Si en algún escalón vuelve la diarrea, retrocede al anterior y consúltalo.

Veterinaria explorando a un perro mientras su cuidadora observa, con un cuenco de arroz con pollo sobre la mesa

Cuándo la dieta blanda no es la solución

Es la parte más importante del artículo, y la que menos se encuentra. La dieta blanda sirve para un episodio leve y puntual en un perro que, por lo demás, está bien. No sirve —y retrasa el diagnóstico— en estos casos:

  • Sangre en las heces o en el vómito, o heces negras y alquitranadas.
  • El perro está decaído, apático o débil, más allá de estar un poco tocado.
  • Vómitos repetidos o incapacidad de retener el agua.
  • Dolor abdominal: postura encorvada, se queja al tocarle la barriga, no quiere moverse.
  • Intentos de vomitar sin expulsar nada, con el abdomen hinchado: en perros de pecho profundo puede ser una dilatación-torsión gástrica, una urgencia vital que no admite espera.
  • Fiebre, encías pálidas o signos de deshidratación.
  • Cachorros, perros geriátricos o con enfermedad previa: aquí el margen es mucho menor.
  • Sospecha de que ha comido algo que no debía: un cuerpo extraño, un tóxico, una planta, medicación humana.
  • El cuadro dura más de 48 horas o se repite cada pocas semanas. Una diarrea recurrente no es un problema de dieta blanda: es algo que hay que investigar.

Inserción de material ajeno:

(* Let $\mathcal{C}$ be a $d$-uniform properly-connected hypergraph on $V$ and $F$ an edge of $\mathcal{C}$. Then: (i) an edge $C$ of $\mathcal{C}$ is an edge of $\mathcal{C}:F$ if and only if $\operatorname{dist}_{\mathcal{C}}(F,C)\ge d+1$; (ii) $\mathcal{C}:F=\mathcal{C}_{V\setminus(F\cup N_{\mathcal{C}}(F))}$; (iii) the edge set of $\mathcal{C}:F$ equals $\mathcal{C}^{\ge}=\{G\in\mathcal{C}: \operatorname{dist}_{\mathcal{C}}(F,G)\ge d+1\}$; (iv) $\operatorname{c}_{\mathcal{C}}\ge \operatorname{c}_{\mathcal{C}:F}+1$, where $\operatorname{c}_{\mathcal{D}}$ denotes the maximum number of pairwise $(d+1)$-disjoint edges of $\mathcal{D}$.
   Context: A hypergraph $\mathcal{C}$ on a finite vertex set $V$ is a family of pairwise incomparable subsets of $V$ (its edges), each of cardinality at least $2$; it is $d$-uniform if every edge has $d$ elements. For an edge $F$: $N_{\mathcal{C}}(F)=\bigcup\{E\setminus F : E\in\mathcal{C},\ |E\setminus F|=1\}$, and $\mathcal{C}:F$ is the hypergraph on $V\setminus(F\cup N_{\mathcal{C}}(F))$ whose edges are the members of cardinality at least $2$ among the inclusion-minimal members of $\{E\setminus F: E\in\mathcal{C},E\neq F\}$. For $A\subseteq V$, $\mathcal{C}_A=\{E\in\mathcal{C}: E\subseteq A\}$ is the induced subhypergraph on $A$. Given edges $F,G$ with $|F|\ge |G|$, a proper chain from $F$ to $G$ is a sequence $(E_0=F,x_1,E_1,x_2,\dots,x_n,E_n=G)$ with distinct vertices $x_i$ and distinct edges $E_j$ such that $x_1\in E_0$, $x_n\in E_n$, $x_k,x_{k+1}\in E_k$ for $k=1,\dots,n-1$, and $|E_i\cap E_{i+1}|=|E_{i+1}|-1$ for $i=0,\dots,n-1$; its length is $n$. It is irredundant if no subsequence of it is a proper chain from $F$ to $G$. The distance $\operatorname{dist}_{\mathcal{C}}(F,G)$ is the minimum length of a proper irredundant chain from $F$ to $G$ ($\infty$ if none). A $d$-uniform hypergraph is properly-connected if $\operatorname{dist}_{\mathcal{C}}(F,G)=d-|F\cap G|$ for any two edges with $F\cap G\neq\emptyset$. A set of edges is pairwise $t$-disjoint if any two of its distinct members have distance at least $t$ (distances in (iv) for $\mathcal{C}:F$ are taken in $\mathcal{C}:F$). *)

From mathcomp Require Import all_boot.
From mathcomp Require Import boolp.
(* If $n=p^s$ with $p$ prime and $s\ge 1$ an integer, then the $n\times n$ square has no perfect Mondrian partition.
   Context: A Mondrian partition of an $n\times n$ square ($n$ a positive integer) is a dissection of the square into $k\ge 2$ non-overlapping rectangles with positive integer side lengths which are pairwise non-congruent (rectangles of dimensions $a\times b$ and $b\times a$ count as congruent). It is perfect if all its rectangles have the same area. *)

From mathcomp Require Import all_boot.
Set Implicit Arguments. Unset Strict Implicit. Unset Printing Implicit Defensive.

(* An axis-parallel rectangle placed in the plane: lower-left corner
   (rx, ry), width rw and height rh.  Corners lie on the integer grid. *)
Record rect := Rect { rx : nat; ry : nat; rw : nat; rh : nat }.

(* The unit cell [i,i+1] x [j,j+1] lies in the rectangle r. *)
Definition cell_in (r : rect) (i j : nat) : bool :=
  (rx r <= i < rx r + rw r) && (ry r <= j < ry r + rh r).

Definition area (r : rect) : nat := rw r * rh r.

Definition congruent (r1 r2 : rect) : Prop :=
  (rw r1 = rw r2 /\ rh r1 = rh r2) \/ (rw r1 = rh r2 /\ rh r1 = rw r2).

(* R : 'I_k -> rect is a Mondrian partition of the n x n square
   [0,n] x [0,n]: k >= 2 rectangles with positive integer sides, contained
   in the square, non-overlapping and covering it (every unit cell of the
   square lies in exactly one rectangle), pairwise non-congruent. *)
Definition mondrian_partition (n k : nat) (R : 'I_k -> rect) : Prop :=
  [/\ 2 <= k,
      (forall t, 0 < rw (R t) /\ 0 < rh (R t)),
      (forall t, rx (R t) + rw (R t) <= n /\ ry (R t) + rh (R t) <= n),
      (forall i j, i < n -> j < n -> exists! t, cell_in (R t) i j)
    & (forall t1 t2, t1 <> t2 -> ~ congruent (R t1) (R t2))].

Definition perfect_mondrian_partition (n k : nat) (R : 'I_k -> rect) : Prop :=
  mondrian_partition n R /\ (forall t1 t2, area (R t1) = area (R t2)).

From mathcomp Require Import all_boot.
From mathcomp Require Import zify.

(* Counting unit cells, the areas of the k rectangles of a partition of the
   n x n square add up to n^2.  If all k areas equal A, then k * A = p^(2s),
   so A = p^t and k = p^m with m = 2s - t.  Every rectangle of area p^t is
   then a p^e x p^(t-e) rectangle, and since it fits in the square both
   exponents are at most s.  Up to congruence such a rectangle is determined
   by its shorter exponent min(e, t-e), which lies in [t-s, t/2]: at most
   m/2 + 1 values.  Pairwise non-congruence thus gives k <= m/2 + 1, while
   k = p^m >= 2 forces m >= 1 and p^m > m >= m/2 + 1, a contradiction. *)

Lemma count_interval (n a w : nat) :
  \sum_(i < n) ((a <= i) && (i < a + w) : nat) = minn n (a + w) - minn n a.
Proof.
elim: n => [|n IH]; first by rewrite big_ord0; lia.
rewrite big_ord_recr /= IH.
by case: (leqP a n) => ?; case: (ltnP n (a + w)) => ? /=; lia.
Qed.

Lemma area_cell_count {n : nat} {r : rect} :
  rx r + rw r <= n -> ry r + rh r <= n ->
  area r = \sum_(i < n) \sum_(j < n) (cell_in r i j : nat).
Proof.
move=> fit_x fit_y; rewrite /area /cell_in.
under eq_bigr => i _ do under eq_bigr => j _ do rewrite -mulnb.
under eq_bigr => i _ do rewrite -big_distrr /=.
by rewrite -big_distrl /= !count_interval; congr (_ * _); lia.
Qed.

Lemma sum_unique_true {k : nat} {P : 'I_k -> bool} :
  (exists! t, P t) -> \sum_(t < k) (P t : nat) = 1.
Proof.
case=> t0 [Pt0 t0_unique]; rewrite (bigD1 t0) //= Pt0 big1 // => t t_neq.
case Pt: (P t) => //; by rewrite (t0_unique t Pt) eqxx in t_neq.
Qed.

Lemma partition_area_sum {n k : nat} {R : 'I_k -> rect} :
  (forall t, rx (R t) + rw (R t) <= n /\ ry (R t) + rh (R t) <= n) ->
  (forall i j, i < n -> j < n -> exists! t, cell_in (R t) i j) ->
  \sum_(t < k) area (R t) = n * n.
Proof.
move=> fit cover.
under eq_bigr => t _ do rewrite (area_cell_count (fit t).1 (fit t).2).
rewrite exchange_big /=; under eq_bigr => i _ do rewrite exchange_big /=.
under eq_bigr => i _ do under eq_bigr => j _
  do rewrite (sum_unique_true (cover i j (ltn_ord i) (ltn_ord j))).
under eq_bigr => i _ do rewrite sum_nat_const card_ord muln1.
by rewrite sum_nat_const card_ord.
Qed.

Lemma prime_power_factors {p t a b : nat} :
  prime p -> a * b = p ^ t -> exists2 e, e <= t & a = p ^ e /\ b = p ^ (t - e).
Proof.
move=> p_prime ab_eq.
have : a %| p ^ t by rewrite -ab_eq dvdn_mulr.
case/(dvdn_pfactor _ _ p_prime) => e le_et a_eq; exists e => //; split => //.
have pe_gt0 : 0 < p ^ e by rewrite expn_gt0 prime_gt0.
by apply/eqP; rewrite -(eqn_pmul2l pe_gt0) -a_eq ab_eq a_eq -expnD subnKC.
Qed.

Lemma half_succ_lt_pow {p m : nat} :
  1 < p -> 2 <= p ^ m -> m./2.+1 < p ^ m.
Proof.
move=> p_gt1; case: m => [|m _]; first by rewrite expn0.
by apply: leq_ltn_trans (ltn_expl m.+1 p_gt1); lia.
Qed.

Section PerfectPrimePowerSquare.

Context {p s k : nat} {R : 'I_k -> rect}.
Hypothesis p_prime : prime p.
Hypothesis R_perfect : perfect_mondrian_partition (p ^ s) R.

Let p_gt1 : 1 < p. Proof. exact: prime_gt1. Qed.

Lemma common_area_exponent :
  exists2 t, (forall u, area (R u) = p ^ t) & k = p ^ (2 * s - t).
Proof.
have [[k_ge2 _ fit cover _] same_area] := R_perfect.
have k_gt0 : 0 < k by lia.
set A := area (R (Ordinal k_gt0)).
have Ak_eq : A * k = p ^ (2 * s).
  rewrite mulnC mul2n -addnn expnD -(partition_area_sum fit cover).
  rewrite -{1}(card_ord k) -sum_nat_const.
  by apply: eq_bigr => u _; apply: same_area.
have [t _ [A_eq k_eq]] := prime_power_factors p_prime Ak_eq.
by exists t => // u; rewrite -A_eq; apply: same_area.
Qed.

Section CommonArea.

Context {t : nat}.
Hypothesis area_pow : forall u, area (R u) = p ^ t.

Let wexp (u : 'I_k) : nat := logn p (rw (R u)).

Lemma piece_exponents (u : 'I_k) :
  [/\ rw (R u) = p ^ wexp u, rh (R u) = p ^ (t - wexp u),
      wexp u <= t, wexp u <= s & t - wexp u <= s].
Proof.
have [[_ _ fit _ _] _] := R_perfect.
have [e le_et [w_eq h_eq]] := prime_power_factors p_prime (area_pow u).
have -> : wexp u = e by rewrite /wexp w_eq pfactorK.
have [fit_x fit_y] := fit u.
split => //; rewrite -(leq_exp2l _ _ p_gt1) -?w_eq -?h_eq; lia.
Qed.

(* Up to congruence a piece is determined by its shorter exponent, which lies
   in [t - s, t/2]; shifting it gives a shape index below (2s - t)/2 + 1. *)
Let shape (u : 'I_k) : nat := minn (wexp u) (t - wexp u) - (t - s).

Lemma shape_bound (u : 'I_k) : shape u < (2 * s - t)./2.+1.
Proof. by have [_ _ le_et le_es le_tes] := piece_exponents u; rewrite /shape; lia. Qed.

(* Pieces with the same shape index are congruent, hence equal. *)
Lemma shape_inj : injective (fun u => Ordinal (shape_bound u)).
Proof.
move=> u1 u2 /(congr1 val) /= same_shape.
have [[_ _ _ _ u_distinct] _] := R_perfect.
have [// | /eqP u_neq] := eqVneq u1 u2; exfalso; apply: (u_distinct _ _ u_neq).
have [w1 h1 le1 l1 r1] := piece_exponents u1.
have [w2 h2 le2 l2 r2] := piece_exponents u2.
rewrite /congruent w1 h1 w2 h2; move: same_shape; rewrite /shape => same_shape.
have [e_eq | e_eq] : wexp u1 = wexp u2 \/ wexp u1 = t - wexp u2 by lia.
- by left; rewrite e_eq.
- by right; rewrite e_eq; split => //; congr (_ ^ _); lia.
Qed.

Lemma piece_count_bound : k <= (2 * s - t)./2.+1.
Proof. by have := leq_card _ shape_inj; rewrite !card_ord. Qed.

End CommonArea.

End PerfectPrimePowerSquare.

Theorem mainTheorem7 (p s : nat) :
  prime p -> 1 <= s ->
  ~ (exists (k : nat) (R : 'I_k -> rect), perfect_mondrian_partition (p ^ s) R).
Proof.
move=> p_prime _ [k [R R_perfect]].
have [t area_pow k_eq] := common_area_exponent p_prime R_perfect.
have [[k_ge2 _ _ _ _] _] := R_perfect.
have := piece_count_bound p_prime R_perfect area_pow.
rewrite k_eq in k_ge2 *; rewrite leqNgt.
by rewrite (half_succ_lt_pow (prime_gt1 p_prime) k_ge2).
Qed.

En cualquiera de estos casos, veterinario, y sin esperar a ver cómo evoluciona. La dieta blanda no cura nada: solo facilita la recuperación cuando el problema ya se está resolviendo solo.

Y después, ¿qué?

Si tu perro tiene episodios digestivos con cierta frecuencia y el veterinario ya ha descartado causas médicas, puede que el problema esté en la dieta habitual: una comida demasiado grasa, un cambio hecho demasiado rápido o un alimento que no le sienta bien. Tienes las causas más frecuentes en nuestras guías sobre por qué vomita un perro y la diarrea en perros.

Y si estás valorando cambiarle la alimentación, hazlo siempre de forma gradual, en 7-10 días: los cambios bruscos son, por sí solos, una de las causas más habituales de diarrea. Tienes el paso a paso en cómo cambiar del pienso a la comida natural y las opciones comparadas en cómo elegir la comida natural de tu perro.

Esta guía es informativa y no sustituye la consulta con tu veterinario.